- _Work order_: Collect all lines from the records below that include the word "option".

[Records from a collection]
::::
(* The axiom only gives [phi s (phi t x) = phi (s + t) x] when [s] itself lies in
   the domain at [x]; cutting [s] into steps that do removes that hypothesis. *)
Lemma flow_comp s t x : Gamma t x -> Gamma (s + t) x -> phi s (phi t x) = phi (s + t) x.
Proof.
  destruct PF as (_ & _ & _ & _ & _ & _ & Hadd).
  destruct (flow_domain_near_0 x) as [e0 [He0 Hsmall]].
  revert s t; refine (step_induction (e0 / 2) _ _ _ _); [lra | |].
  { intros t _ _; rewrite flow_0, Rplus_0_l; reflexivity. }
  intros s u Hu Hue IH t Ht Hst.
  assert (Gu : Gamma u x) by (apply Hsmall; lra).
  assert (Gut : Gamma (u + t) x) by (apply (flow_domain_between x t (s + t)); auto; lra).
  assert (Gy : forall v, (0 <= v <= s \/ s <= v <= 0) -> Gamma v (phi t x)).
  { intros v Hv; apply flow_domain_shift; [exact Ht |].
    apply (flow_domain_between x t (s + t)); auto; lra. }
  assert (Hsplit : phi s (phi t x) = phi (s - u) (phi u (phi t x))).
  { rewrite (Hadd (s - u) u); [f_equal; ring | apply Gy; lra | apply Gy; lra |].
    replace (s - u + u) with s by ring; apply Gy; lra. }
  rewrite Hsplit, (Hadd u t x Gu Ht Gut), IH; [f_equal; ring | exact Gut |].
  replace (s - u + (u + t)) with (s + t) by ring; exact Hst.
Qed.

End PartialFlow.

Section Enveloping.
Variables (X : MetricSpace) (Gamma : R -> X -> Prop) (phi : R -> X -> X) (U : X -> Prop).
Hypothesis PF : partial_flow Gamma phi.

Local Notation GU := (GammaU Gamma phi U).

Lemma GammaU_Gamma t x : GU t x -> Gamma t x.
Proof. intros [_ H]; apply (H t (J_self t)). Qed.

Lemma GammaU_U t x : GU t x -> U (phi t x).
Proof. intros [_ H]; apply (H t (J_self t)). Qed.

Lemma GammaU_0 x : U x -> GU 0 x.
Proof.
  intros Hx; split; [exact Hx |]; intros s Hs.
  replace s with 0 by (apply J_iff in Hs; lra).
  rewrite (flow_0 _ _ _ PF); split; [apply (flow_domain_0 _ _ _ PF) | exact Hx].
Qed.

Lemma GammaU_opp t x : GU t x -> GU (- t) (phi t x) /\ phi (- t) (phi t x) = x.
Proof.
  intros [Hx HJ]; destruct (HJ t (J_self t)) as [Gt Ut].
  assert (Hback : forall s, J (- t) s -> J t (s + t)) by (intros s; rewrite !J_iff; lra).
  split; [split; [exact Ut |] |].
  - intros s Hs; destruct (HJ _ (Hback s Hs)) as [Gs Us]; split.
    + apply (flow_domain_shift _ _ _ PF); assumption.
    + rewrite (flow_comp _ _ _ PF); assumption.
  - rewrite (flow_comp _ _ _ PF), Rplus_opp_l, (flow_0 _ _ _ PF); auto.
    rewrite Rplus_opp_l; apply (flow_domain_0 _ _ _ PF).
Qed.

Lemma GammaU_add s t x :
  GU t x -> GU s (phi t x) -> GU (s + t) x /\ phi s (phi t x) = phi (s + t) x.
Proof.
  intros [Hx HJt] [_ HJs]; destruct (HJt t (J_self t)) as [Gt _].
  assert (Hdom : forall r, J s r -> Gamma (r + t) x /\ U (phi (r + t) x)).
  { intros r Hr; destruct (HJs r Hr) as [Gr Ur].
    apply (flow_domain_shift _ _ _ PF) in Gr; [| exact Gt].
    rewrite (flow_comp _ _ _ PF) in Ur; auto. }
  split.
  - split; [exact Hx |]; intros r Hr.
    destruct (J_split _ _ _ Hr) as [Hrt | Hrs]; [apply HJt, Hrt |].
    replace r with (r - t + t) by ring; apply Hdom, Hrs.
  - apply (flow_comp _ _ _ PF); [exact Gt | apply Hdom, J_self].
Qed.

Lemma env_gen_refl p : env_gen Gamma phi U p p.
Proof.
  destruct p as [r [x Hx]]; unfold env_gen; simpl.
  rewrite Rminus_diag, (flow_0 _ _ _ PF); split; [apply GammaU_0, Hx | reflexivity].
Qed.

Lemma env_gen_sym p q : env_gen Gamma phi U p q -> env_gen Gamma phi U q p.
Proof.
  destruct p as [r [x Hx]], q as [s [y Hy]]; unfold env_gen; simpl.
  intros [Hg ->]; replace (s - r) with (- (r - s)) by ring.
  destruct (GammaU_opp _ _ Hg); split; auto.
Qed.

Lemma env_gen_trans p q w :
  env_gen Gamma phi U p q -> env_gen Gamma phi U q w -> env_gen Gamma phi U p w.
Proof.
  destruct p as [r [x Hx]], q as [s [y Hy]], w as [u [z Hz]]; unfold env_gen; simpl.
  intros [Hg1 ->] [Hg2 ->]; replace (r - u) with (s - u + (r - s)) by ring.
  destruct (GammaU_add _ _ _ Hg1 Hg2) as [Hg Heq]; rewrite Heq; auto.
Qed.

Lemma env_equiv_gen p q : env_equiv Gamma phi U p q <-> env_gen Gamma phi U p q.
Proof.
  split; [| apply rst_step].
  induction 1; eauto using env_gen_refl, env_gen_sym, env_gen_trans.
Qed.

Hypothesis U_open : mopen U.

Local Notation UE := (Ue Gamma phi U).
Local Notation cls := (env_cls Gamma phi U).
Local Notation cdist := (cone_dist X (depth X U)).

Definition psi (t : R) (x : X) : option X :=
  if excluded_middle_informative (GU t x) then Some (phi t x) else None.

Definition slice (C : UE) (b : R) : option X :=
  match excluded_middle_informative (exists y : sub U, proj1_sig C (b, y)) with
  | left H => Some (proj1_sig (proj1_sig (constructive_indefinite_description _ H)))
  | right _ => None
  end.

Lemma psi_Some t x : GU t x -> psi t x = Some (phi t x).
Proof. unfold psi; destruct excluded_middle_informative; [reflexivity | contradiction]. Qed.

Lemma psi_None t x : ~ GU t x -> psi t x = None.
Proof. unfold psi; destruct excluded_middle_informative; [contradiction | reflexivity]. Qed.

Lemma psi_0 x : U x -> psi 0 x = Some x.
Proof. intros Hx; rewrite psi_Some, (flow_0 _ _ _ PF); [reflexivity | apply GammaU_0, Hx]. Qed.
::::
- _Reply to the task_:
Definition psi (t : R) (x : X) : option X :=
Definition slice (C : UE) (b : R) : option X :=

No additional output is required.